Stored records
━━━━━━━━━━━━━━━━━━━━
Lemma char_poly_blowup_mx (R : numFieldType) N k (p : 'I_N -> 'I_k) (W : 'M[R]_k) :
  (forall q, 0 < #|[pred i | p i == q]|)%N ->
  char_poly (blowup_mx p W)
  = \prod_q ('X + (W q q)%:P) ^+ #|[pred i | p i == q]|.-1 * char_poly (quotient_mx p W).
Proof.
move=> cell_gt0; apply: (@poly_eq_gt _ (\sum_(q < k) `|W q q|)) => x x_gt.
have x_gt0 : 0 < x by apply: le_lt_trans x_gt; rewrite sumr_ge0.
have c_neq0 q : x + W q q != 0.
  have Wq : `|W q q| < x.
    by apply: le_lt_trans x_gt; rewrite (bigD1 q) //= lerDl sumr_ge0.
  by rewrite addrC addr_eq0; apply: contraTneq Wq => ->; rewrite normrN gtr0_norm ?ltxx.
have P_neq0 : \prod_(q < k) (x + W q q) != 0.
  by rewrite prodf_seq_neq0; apply/allP => q _; apply: c_neq0.
apply: (mulIf P_neq0).
rewrite hornerM !horner_char_poly det_blowup_mx // horner_prod.
under [in RHS]eq_bigr do rewrite horner_exp hornerD hornerX hornerC.
rewrite mulrAC -big_split /=; congr (_ * _); apply: eq_bigr => q _.
by rewrite -exprSr prednK.
Qed.

Local Close Scope ring_scope.

Section QuaternionGroup.

Variable n : nat.
Hypothesis n_gt1 : 1 < n.

Local Notation Q := (Qelt n).

Let n2_gt0 : 0 < n.*2. Proof. lia. Qed.

Definition qcentral (i : nat) : bool := (i == 0) || (i == n).

Definition qtype (g : Q) : nat :=
  if g.2 then (if odd g.1 then 3 else 2) else if qcentral g.1 then 0 else 1.

Lemma qtype_lt4 (g : Q) : qtype g < 4.
Proof. by rewrite /qtype; case: g.2; [case: (odd _) | case: ifP]. Qed.

Lemma qmul_snd (g h : Q) : (qmul g h).2 = xorb g.2 h.2.
Proof. by case: g => ? ?; case: h. Qed.

Lemma eq_qmul (g h g' h' : Q) :
  (qmul g h == qmul g' h') =
  ((qmul g h).1 == (qmul g' h').1 :> nat) && (xorb g.2 h.2 == xorb g'.2 h'.2).
Proof. by rewrite -!qmul_snd; case: (qmul g h) => ? ?; case: (qmul g' h'). Qed.

Lemma qtype_conj (g h : Q) : qconj g h -> qtype g = qtype h.
Proof.
case: g => i j; case: h => k l; case/existsP => [[t m]].
rewrite eq_qmul => /andP [/eqP E /eqP jl].
have {}jl : j = l by clear E; move: jl; case: j; case: l; case: m.
subst l; suff: if j then odd i = odd k else qcentral i = qcentral k.
  by rewrite /qtype /=; clear E; case: j => ->.
have hi := ltn_ord i; have hk := ltn_ord k; have ht := ltn_ord t.
move: E; rewrite /qcentral /=.
by case: j; case: m; rewrite /= ?addn0; case_modn n.*2 n2_gt0; lia.
Qed.

Lemma qconjxx (g : Q) : qconj g g.
Proof.
apply/existsP; exists (Ordinal n2_gt0, false).
case: g => i j; rewrite eq_qmul; have hi := ltn_ord i.
by case: j; rewrite /= ?andbT ?addn0 ?subn0 ?add0n //; case_modn n.*2 n2_gt0; lia.
Qed.

Lemma qconj_b (i k : 'I_(n.*2)) : odd i = odd k -> qconj (i, true) (k, true).
Proof.
move=> ik; have hi := ltn_ord i; have hk := ltn_ord k.
pose t := (if k <= i then i - k else i + n.*2 - k)./2.
have ht : t < n.*2 by rewrite /t; case: ifP => ?; lia.
apply/existsP; exists (Ordinal ht, false); rewrite eq_qmul eqxx andbT /= addn0.
by rewrite /t; case: ifP => ?; case_modn n.*2 n2_gt0; lia.
Qed.

Lemma qcentral_commute (i : 'I_(n.*2)) (h : Q) :
  qcentral i -> qmul (i, false) h = qmul h (i, false).
Proof.
case: h => k l; rewrite /qcentral => iZ; apply/eqP; rewrite eq_qmul.
have hi := ltn_ord i; have hk := ltn_ord k.
by case: l; rewrite /= ?andbT ?addn0; case_modn n.*2 n2_gt0; lia.
Qed.

Lemma qcommute_rot (i k : 'I_(n.*2)) :
  qmul (i, false) (k, false) = qmul (k, false) (i, false).
Proof. by apply/eqP; rewrite eq_qmul /= !addn0 addnC !eqxx. Qed.

Lemma qcommute_rot_b (i k : 'I_(n.*2)) :
  qmul (i, false) (k, true) = qmul (k, true) (i, false) -> qcentral i.
Proof.
move/eqP; rewrite eq_qmul /qcentral /= => /andP [+ _]; rewrite addn0.
have hi := ltn_ord i; have hk := ltn_ord k.
by case_modn n.*2 n2_gt0; lia.
Qed.

Lemma qcommute_b_even (i k : 'I_(n.*2)) : ~~ odd n ->
  qmul (i, true) (k, true) = qmul (k, true) (i, true) -> odd i = odd k.
Proof.
move=> n_even /eqP; rewrite eq_qmul /= => /andP [+ _].
have hi := ltn_ord i; have hk := ltn_ord k.
by case_modn n.*2 n2_gt0; lia.
Qed.

Lemma qcommute_b_odd (i : 'I_(n.*2)) : odd n ->
  exists k : 'I_(n.*2),
    odd k != odd i /\ qmul (i, true) (k, true) = qmul (k, true) (i, true).
Proof.
move=> n_odd; have hi := ltn_ord i.
exists (Ordinal (ltn_pmod (i + n) n2_gt0)); split.
  by move: n_odd => /=; case_modn n.*2 n2_gt0; lia.
apply/eqP; rewrite eq_qmul eqxx andbT /=.
have -> : (i + n) %% n.*2 = if i < n then i + n else i - n.
  by case: ifP => ?; case_modn n.*2 n2_gt0; lia.
by case: ifP => ?; case_modn n.*2 n2_gt0; lia.
Qed.

Definition qtype_adj (q r : nat) : bool :=
  match q, r with
  | 1, 2 | 1, 3 | 2, 1 | 3, 1 => false
  | 2, 3 | 3, 2 => odd n
  | _, _ => true
  end.

Lemma qtype_adjxx q : qtype_adj q q.
Proof. by case: q => [|[|[|[|q]]]]. Qed.

Lemma qcommute_adj (g h : Q) :
  qmul g h = qmul h g -> qtype_adj (qtype g) (qtype h).
Proof.
case: g => i j; case: h => k l; case: j; case: l => gh; rewrite /qtype /=.
- have [n_odd|n_even] := boolP (odd n).
    by case: (odd i); case: (odd k); rewrite /= ?n_odd.
  by rewrite (qcommute_b_even n_even gh); case: (odd k).
- by rewrite (qcommute_rot_b (esym gh)); case: (odd i).
- by rewrite (qcommute_rot_b gh); case: (odd k).
- by case: ifP; case: ifP.
Qed.

Lemma dcadj_qtype_adj (g h : Q) : dcadj g h -> qtype_adj (qtype g) (qtype h).
Proof.
case/andP=> _ /orP [/qtype_conj-> | ]; first exact: qtype_adjxx.
case/existsP=> g' /existsP [h' /and4P [gg' hh' _ /eqP g'h']].
by rewrite (qtype_conj gg') (qtype_conj hh'); apply: qcommute_adj.
Qed.

Lemma dcadj_commute (g h : Q) : g != h -> qmul g h = qmul h g -> dcadj g h.
Proof.
move=> gh comm; rewrite /dcadj gh; apply/orP; right.
by apply/existsP; exists g; apply/existsP; exists h; rewrite !qconjxx gh comm eqxx.
Qed.

Lemma qtype_adj_dcadj (g h : Q) :
  g != h -> qtype_adj (qtype g) (qtype h) -> dcadj g h.
Proof.
case: g => i j; case: h => k l; rewrite /qtype /=.
case: j; case: l => gh.
- have [ik _|ik adj] := eqVneq (odd i) (odd k); first by rewrite /dcadj gh qconj_b.
  have n_odd : odd n by move: adj ik; case: (odd i); case: (odd k).
  have [k' [k'i comm]] := qcommute_b_odd i n_odd.
  apply/andP; split=> //; apply/orP; right; apply/existsP; exists (i, true).
  apply/existsP; exists (k', true); rewrite qconjxx qconj_b ?comm ?eqxx //=.
    by rewrite andbT; apply: contra k'i => /eqP [->].
  by move: ik k'i; case: (odd i); case: (odd k); case: (odd k').
- case kZ: (qcentral k); last by case: (odd i).
  by move=> _; apply: dcadj_commute; rewrite // -qcentral_commute.
- case iZ: (qcentral i); last by case: (odd k).
  by move=> _; apply: dcadj_commute; rewrite // qcentral_commute.
- by move=> _; apply: dcadj_commute; rewrite // qcommute_rot.
Qed.

Lemma dcadjE (g h : Q) : dcadj g h = (g != h) && qtype_adj (qtype g) (qtype h).
Proof.
apply/idP/andP => [gh | [gh adj]]; last exact: qtype_adj_dcadj.
by split; [case/andP: gh | exact: dcadj_qtype_adj].
Qed.

Definition qtype_ord (g : Q) : 'I_4 := Ordinal (qtype_lt4 g).

Definition qtype_size (q : nat) : nat :=
  match q with 0 => 2 | 1 => 2 * n - 2 | _ => n end.

Lemma sum_qcentral : \sum_(i < n.*2) qcentral i = 2.
Proof.
have n_lt : n < n.*2 by lia.
rewrite (bigD1 (Ordinal n2_gt0)) // (bigD1 (Ordinal n_lt)) ?big1 /=.
- by rewrite /qcentral !eqxx orbT; lia.
- move=> i /andP [ni0 nin]; rewrite /qcentral -!val_eqE /= in ni0 nin *.
  by rewrite (negPf ni0) (negPf nin).
- by rewrite -val_eqE /=; lia.
Qed.

Lemma sum_qtype (F : 'I_(n.*2) -> bool -> nat) :
  \sum_(g : Q) F g.1 g.2 = \sum_(i < n.*2) (F i true + F i false).
Proof. by rewrite -pair_bigA; apply: eq_bigr => i _; rewrite big_bool. Qed.

Lemma card_qtype (r : 'I_4) : #|[pred g : Q | qtype_ord g == r]| = qtype_size r.
Proof.
rewrite -sum1_card big_mkcond /=.
rewrite (sum_qtype (fun i b => if qtype_ord (i, b) == r then 1 else 0)).
under eq_bigr do rewrite -!val_eqE.
case: r => [[|[|[|[|r]]]] //= _].
- rewrite -sum_qcentral; apply: eq_bigr => i _.
  by rewrite /qtype /=; case: (odd i); case: (qcentral i).
- transitivity (\sum_(i < n.*2) ~~ qcentral i).
    by apply: eq_bigr => i _; rewrite /qtype /=; case: (odd i); case: (qcentral i).
  by rewrite sum_negb_ord sum_qcentral; lia.
- transitivity (\sum_(i < n.*2) ~~ odd i).
    by apply: eq_bigr => i _; rewrite /qtype /=; case: (odd i); case: (qcentral i).
  by rewrite sum_negb_ord sum_odd_ord; lia.
- rewrite -[RHS](sum_odd_ord n); apply: eq_bigr => i _.
  by rewrite /qtype /=; case: (odd i); case: (qcentral i).
Qed.

Lemma sum_by_qtype (F : nat -> nat) :
  \sum_(h : Q) F (qtype h) = \sum_(r < 4) F r * qtype_size r.
Proof.
rewrite (partition_big qtype_ord xpredT) //=; apply: eq_bigr => r _.
transitivity (\sum_(h | qtype_ord h == r) F r); first by apply: eq_bigr => h /eqP <-.
by rewrite sum_nat_const card_qtype mulnC.
Qed.

Definition qtype_deg (q : nat) : nat := (\sum_(r < 4) qtype_adj q r * qtype_size r).-1.

Lemma dcdegE (g : Q) : dcdeg g = qtype_deg (qtype g).
Proof.
rewrite /dcdeg /qtype_deg -(sum_by_qtype (qtype_adj (qtype g))) (bigD1 g) //=.
rewrite qtype_adjxx add1n /= -sum1_card big_mkcond [RHS]big_mkcond /=.
apply: eq_bigr => h _.
by rewrite inE dcadjE eq_sym; case: (h != g).
Qed.

Lemma qtype_deg_values :
  [/\ qtype_deg 0 = (4 * n - 1)%N, qtype_deg 1 = (2 * n - 1)%N,
      qtype_deg 2 = (if odd n then 2 * n + 1 else n + 1)%N &
      qtype_deg 3 = (if odd n then 2 * n + 1 else n + 1)%N].
Proof.
rewrite /qtype_deg !big_ord_recr !big_ord0 /=.
by case: (odd n); split; lia.
Qed.

End QuaternionGroup.

Local Open Scope ring_scope.

Section SomborSpectrum.

Variables (R : rcfType) (n : nat).
Hypothesis n_gt1 : (1 < n)%N.

Local Notation Q := (Qelt n).
Local Notation c m := ((m%:R * Num.sqrt 2)%:P : {poly R}).

Definition sombor_w (q r : nat) : R :=
  if qtype_adj n q r
  then Num.sqrt ((qtype_deg n q)%:R ^+ 2 + (qtype_deg n r)%:R ^+ 2) else 0.

Definition sombor_wmx : 'M[R]_4 := \matrix_(q, r) sombor_w q r.

Definition qtype_idx (i : 'I_#|Q|) : 'I_4 := qtype_ord (enum_val i).

Lemma sombor_wC q r : sombor_w q r = sombor_w r q.
Proof.
rewrite /sombor_w addrC.
by case: q => [|[|[|[|q]]]]; case: r => [|[|[|[|r]]]].
Qed.

Lemma sombor_wxx q : sombor_w q q = (qtype_deg n q)%:R * Num.sqrt 2.
Proof. by rewrite /sombor_w qtype_adjxx sqrt_sqr_double ?ler0n. Qed.

Lemma sombor_mx_blowup : sombor_mx R n = blowup_mx qtype_idx sombor_wmx.
Proof.
apply/matrixP => i j; rewrite !mxE dcadjE // !dcdegE // (inj_eq enum_val_inj).
by case: eqVneq.
Qed.

Lemma card_qtype_idx (q : 'I_4) :
  #|[pred i | qtype_idx i == q]| = qtype_size n q.
Proof.
rewrite -(card_qtype n_gt1 q) -[LHS]sum1_card -[RHS]sum1_card.
rewrite [RHS](reindex (fun i : 'I_#|Q| => enum_val i)) /=.
  by apply: eq_bigl => i; rewrite !inE.
by apply: onW_bij; apply: enum_val_bij.
Qed.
━━━━━━━━━━━━━━━━━━━━
Your instructions:
One stretch of the lines above is wanted, from the line that contains "[/\ qtype_deg 0" through the line that contains "Definition qtype_idx (i". Output it exactly.

Exercise output:
  [/\ qtype_deg 0 = (4 * n - 1)%N, qtype_deg 1 = (2 * n - 1)%N,
      qtype_deg 2 = (if odd n then 2 * n + 1 else n + 1)%N &
      qtype_deg 3 = (if odd n then 2 * n + 1 else n + 1)%N].
Proof.
rewrite /qtype_deg !big_ord_recr !big_ord0 /=.
by case: (odd n); split; lia.
Qed.

End QuaternionGroup.

Local Open Scope ring_scope.

Section SomborSpectrum.

Variables (R : rcfType) (n : nat).
Hypothesis n_gt1 : (1 < n)%N.

Local Notation Q := (Qelt n).
Local Notation c m := ((m%:R * Num.sqrt 2)%:P : {poly R}).

Definition sombor_w (q r : nat) : R :=
  if qtype_adj n q r
  then Num.sqrt ((qtype_deg n q)%:R ^+ 2 + (qtype_deg n r)%:R ^+ 2) else 0.

Definition sombor_wmx : 'M[R]_4 := \matrix_(q, r) sombor_w q r.

Definition qtype_idx (i : 'I_#|Q|) : 'I_4 := qtype_ord (enum_val i).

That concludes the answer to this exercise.